* Work request
In the listing below, find the line containing "exists (c : point)" and the line containing "Definition supp_cone (Q". Repeat exactly those two lines and every line between them.

- Opening Delimiter -

(* Let $Q$ be a locally point symmetric convex polytope in $\mathbb{R}^D$, and let $\mathbf{k} \in Q-Q$. The following statements are equivalent: (i) $Q\cap (Q-\mathbf{k})$ consists of a single point, i.e., $\mathbf{k}$ is a uniquely formed difference in $Q-Q$; (ii) $\mathbf{k}$ is a vertex of the polytope $Q-Q$; (iii) $\mathbf{k} = \mathbf{u}-\mathbf{v}$ for some strictly antipodal vertices $\mathbf{u}$ and $\mathbf{v}$ of $Q$.
   Context: $Q-Q=\{\mathbf{x}-\mathbf{y}:\mathbf{x},\mathbf{y}\in Q\}$ and $Q-\mathbf{k}=\{\mathbf{x}-\mathbf{k}:\mathbf{x}\in Q\}$. A vector $\mathbf{k}\in Q-Q$ is uniquely formed if there is a unique pair $\mathbf{s}_1,\mathbf{s}_2\in Q$ with $\mathbf{s}_1-\mathbf{s}_2=\mathbf{k}$. Two vertices $\mathbf{u},\mathbf{v}$ of a convex polytope $Q$ are strictly antipodal if there exist parallel supporting hyperplanes $H_1,H_2$ of $Q$ with $H_1\cap Q=\{\mathbf{u}\}$ and $H_2 \cap Q = \{\mathbf{v}\}$. The supporting cone of $Q$ at a vertex $\mathbf{v}$ is $C(\mathbf{v}) = \mathbf{v} + \bigcup_{\lambda \ge 0}\lambda(Q - \mathbf{v})$. A convex polytope $Q$ with $m$ vertices is locally point symmetric if its vertices can be partitioned into $m/2$ pairs of strictly antipodal vertices such that for each pair $\{\mathbf{u},\mathbf{v}\}$, $C(\mathbf{u}) - \mathbf{u} = \mathbf{v} - C(\mathbf{v})$. *)

From HB Require Import structures.
From mathcomp Require Import all_boot all_order all_algebra.
From mathcomp Require Import reals.
Set Implicit Arguments. Unset Strict Implicit. Unset Printing Implicit Defensive.
Import Order.TTheory GRing.Theory Num.Theory.
Local Open Scope ring_scope.

Section Defs.
Variables (R : realType) (D : nat).
Notation point := 'rV[R]_D.

Definition dot (c x : point) : R := \sum_(i < D) c 0 i * x 0 i.

Definition conv (S : seq point) (x : point) : Prop :=
  exists w : 'I_(size S) -> R,
    (forall i, 0 <= w i) /\ \sum_(i < size S) w i = 1 /\
    x = \sum_(i < size S) w i *: S`_i.

Definition is_polytope (Q : point -> Prop) : Prop :=
  exists S : seq point, forall x, Q x <-> conv S x.

Definition is_vertex (Q : point -> Prop) (v : point) : Prop :=
  Q v /\ forall x y (t : R), Q x -> Q y -> 0 < t -> t < 1 ->
    v = (1 - t) *: x + t *: y -> x = y.

Definition diff_set (Q : point -> Prop) (k : point) : Prop :=
  exists x y, Q x /\ Q y /\ k = x - y.

Definition translate_neg (Q : point -> Prop) (k : point) (z : point) : Prop :=
  exists x, Q x /\ z = x - k.

Definition uniquely_formed (Q : point -> Prop) (k : point) : Prop :=
  exists s1 s2, (Q s1 /\ Q s2 /\ s1 - s2 = k) /\
    forall t1 t2, Q t1 -> Q t2 -> t1 - t2 = k -> t1 = s1 /\ t2 = s2.

Definition supporting (Q : point -> Prop) (c : point) (a : R) : Prop :=
  c != 0 /\
  ((forall x, Q x -> dot c x <= a) \/ (forall x, Q x -> a <= dot c x)) /\
  exists x, Q x /\ dot c x = a.

Definition strictly_antipodal (Q : point -> Prop) (u v : point) : Prop :=
  is_vertex Q u /\ is_vertex Q v /\
  exists (c : point) (a b : R),
    a != b /\ supporting Q c a /\ supporting Q c b /\
    (forall x, (Q x /\ dot c x = a) <-> x = u) /\
    (forall x, (Q x /\ dot c x = b) <-> x = v).

Definition supp_cone (Q : point -> Prop) (v : point) (z : point) : Prop :=
  exists (lam : R) (q : point), 0 <= lam /\ Q q /\ z = v + lam *: (q - v).

(* locally point symmetric: the vertices are partitioned into pairs {u, v}
   (encoded as a fixed-point-free involution sigma on the vertex set) of
   strictly antipodal vertices with C(u) - u = v - C(v). *)
Definition locally_point_symmetric (Q : point -> Prop) : Prop :=
  is_polytope Q /\
  exists sigma : point -> point,
    forall u, is_vertex Q u ->
      [/\ is_vertex Q (sigma u), sigma u != u, sigma (sigma u) = u,
          strictly_antipodal Q u (sigma u) &
          forall z, (exists y, supp_cone Q u y /\ z = y - u) <->
                    (exists y, supp_cone Q (sigma u) y /\ z = sigma u - y)].

End Defs.

(** If [k = s1 - s2] is formed only by the pair [(s1, s2)], then no nonzero
    direction [d] can be followed a little from both [s1] and [s2] inside [Q],
    since [(s1 + a d) - (s2 + a d)] would be a second representation of [k].
    Every point [x] of a polytope sees a small homothetic copy [x + e (Q - u)]
    of [Q] around some vertex [u]; for [s2] with vertex [w], local point
    symmetry turns the directions [w' - C(w')] at the partner [w'] of [w] into
    feasible directions at [s2].  Comparing with the copy of [Q] at [s1] around
    its vertex [u] forces successively [w' = u], [s1 = u] and [s2 = w], so
    [k] is a difference of strictly antipodal vertices.  Conversely, a
    functional maximised only at [u] and minimised only at [v] on [Q] is
    maximised only at [u - v] on [Q - Q], which makes [u - v] a vertex, and a
    vertex of [Q - Q] is uniquely formed by a midpoint argument. *)

From HB Require Import structures.
From mathcomp Require Import all_boot all_order all_algebra.
From mathcomp Require Import reals.
From mathcomp Require Import ring lra.
From Stdlib Require Import Classical.
Set Implicit Arguments. Unset Strict Implicit. Unset Printing Implicit Defensive.
Import Order.TTheory GRing.Theory Num.Theory.
Local Open Scope ring_scope.

Lemma convex_comb_at_bound (R : realFieldType) (m r s t : R) :
  0 < t -> t < 1 -> r <= m -> s <= m -> (1 - t) * r + t * s = m -> r = m /\ s = m.
Proof. by move=> *; split; nra. Qed.

Section ConvexHull.
Variables (R : realType) (D : nat).
Notation point := 'rV[R]_D.

Definition hull n (f : 'I_n -> point) (x : point) : Prop :=
  exists w : 'I_n -> R, (forall i, 0 <= w i) /\ \sum_(i < n) w i = 1 /\
    x = \sum_(i < n) w i *: f i.

Lemma hull_comb n (f : 'I_n -> point) p q t :
  hull f p -> hull f q -> 0 <= t -> t <= 1 -> hull f ((1 - t) *: p + t *: q).
Proof.
move=> [a [a0 [a1 ->]]] [b [b0 [b1 ->]]] t0 t1.
exists (fun i => (1 - t) * a i + t * b i); split; [|split].
- by move=> i; apply: addr_ge0; apply: mulr_ge0; rewrite ?subr_ge0.
- by rewrite big_split /= -!mulr_sumr a1 b1 !mulr1 subrK.
- by rewrite !scaler_sumr -big_split; apply: eq_bigr => i _; rewrite [RHS]scalerDl !scalerA.
Qed.

Lemma hull_generator n (f : 'I_n -> point) j : hull f (f j).
Proof.
exists (fun i => (i == j)%:R); split; [|split].
- by move=> i; rewrite ler0n.
- by rewrite (bigD1 j) //= eqxx big1 ?addr0 // => i /negbTE ->.
- by rewrite (bigD1 j) //= eqxx scale1r big1 ?addr0 // => i /negbTE ->; rewrite scale0r.
Qed.

Lemma comb_full_weight n (f : 'I_n -> point) (c : 'I_n -> R) j :
  (forall i, 0 <= c i) -> \sum_(i < n) c i = 1 -> c j = 1 ->
  \sum_(i < n) c i *: f i = f j.
Proof.
move=> c0 c1 cj; rewrite (bigD1 j) //= cj scale1r big1 ?addr0 // => i ij.
have rest : \sum_(i < n | i != j) c i = 0 by move: c1; rewrite (bigD1 j) //= cj; lra.
by rewrite (psumr_eq0P (fun i _ => c0 i) rest) ?scale0r.
Qed.

Lemma hull_drop_light_generator m (f : 'I_m.+1 -> point) (c : 'I_m.+1 -> R) j :
  (forall i, 0 <= c i) -> \sum_(i < m.+1) c i = 1 -> c j < 1 ->
  f j = \sum_(i < m.+1) c i *: f i -> hull (f \o lift j) (f j).
Proof.
move=> c0 c1 cj Ec.
have cj_neq1 : 1 - c j != 0 by rewrite subr_eq0 eq_sym (lt_eqF cj).
have rest : \sum_(i < m) c (lift j i) = 1 - c j.
  by move: c1; rewrite (bigD1_ord j) //= => <-; rewrite addrC addrK.
have rest_comb : \sum_(i < m) c (lift j i) *: f (lift j i) = (1 - c j) *: f j.
  by rewrite scalerBl scale1r {1}Ec (bigD1_ord j) //= addrAC subrr add0r.
exists (fun i => c (lift j i) / (1 - c j)); split; [|split].
- by move=> i; apply: divr_ge0 => //; rewrite subr_ge0 ltW.
- by rewrite -mulr_suml rest divff.
- under eq_bigr => i _ do rewrite mulrC -scalerA.
  by rewrite -scaler_sumr rest_comb scalerA mulVf // scale1r.
Qed.

Lemma hull_drop_redundant m (f : 'I_m.+1 -> point) j :
  hull (f \o lift j) (f j) -> forall z, hull f z <-> hull (f \o lift j) z.
Proof.
move=> [d [d0 [d1 Ed]]] z; split => [[w [w0 [w1 ->]]]|[w [w0 [w1 ->]]]].
- exists (fun i => w (lift j i) + w j * d i); split; [|split].
  + by move=> i; apply: addr_ge0 => //; apply: mulr_ge0.
  + by rewrite big_split /= -mulr_sumr d1 mulr1 addrC -(bigD1_ord j (P := predT)).
  + rewrite (bigD1_ord j) //= {1}Ed scaler_sumr addrC -big_split /=.
    by apply: eq_bigr => i _; rewrite scalerDl scalerA.
- exists (fun i => oapp w 0 (unlift j i)); split; [|split].
  + by move=> i; case: (unlift j i).
  + by rewrite (bigD1_ord j) //= unlift_none add0r; under eq_bigr => i _ do rewrite liftK.
  + rewrite (bigD1_ord j) //= unlift_none scale0r add0r.
    by under [RHS]eq_bigr => i _ do rewrite liftK.
Qed.

Variable Q : point -> Prop.

Lemma vertex_of_irredundant_generator m (f : 'I_m.+1 -> point) j :
  (forall z, Q z <-> hull f z) -> ~ hull (f \o lift j) (f j) -> is_vertex Q (f j).
Proof.
move=> HQ irredundant; split; first by apply/HQ; exact: hull_generator.
move=> a b t /HQ [al [al0 [al1 Ea]]] /HQ [be [be0 [be1 Eb]]] t0 t1 Ej.
pose c i := (1 - t) * al i + t * be i.
have c0 i : 0 <= c i.
  by apply: addr_ge0; apply: mulr_ge0; rewrite ?subr_ge0 // ltW.
have c1 : \sum_(i < m.+1) c i = 1.
  by rewrite big_split /= -!mulr_sumr al1 be1 !mulr1 subrK.
have Ec : f j = \sum_(i < m.+1) c i *: f i.
  rewrite Ej Ea Eb !scaler_sumr -big_split /=.
  by apply: eq_bigr => i _; rewrite [RHS]scalerDl !scalerA.
have weight_le1 (w : 'I_m.+1 -> R) : (forall i, 0 <= w i) -> \sum_i w i = 1 -> w j <= 1.
  by move=> w0 w1; rewrite -w1 (bigD1 j) //= lerDl sumr_ge0.
have [cj_lt1|cj_ge1] := ltrP (c j) 1.
  by case: irredundant; exact: hull_drop_light_generator c0 c1 cj_lt1 Ec.
have cj1 : c j = 1 by have := weight_le1 _ c0 c1; lra.
have [alj1 bej1] := convex_comb_at_bound t0 t1 (weight_le1 _ al0 al1)
  (weight_le1 _ be0 be1) cj1.
by rewrite Ea Eb (comb_full_weight f al0 al1 alj1) (comb_full_weight f be0 be1 bej1).
Qed.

- Closing Delimiter -

* Output below
  exists (c : point) (a b : R),
    a != b /\ supporting Q c a /\ supporting Q c b /\
    (forall x, (Q x /\ dot c x = a) <-> x = u) /\
    (forall x, (Q x /\ dot c x = b) <-> x = v).

Definition supp_cone (Q : point -> Prop) (v : point) (z : point) : Prop :=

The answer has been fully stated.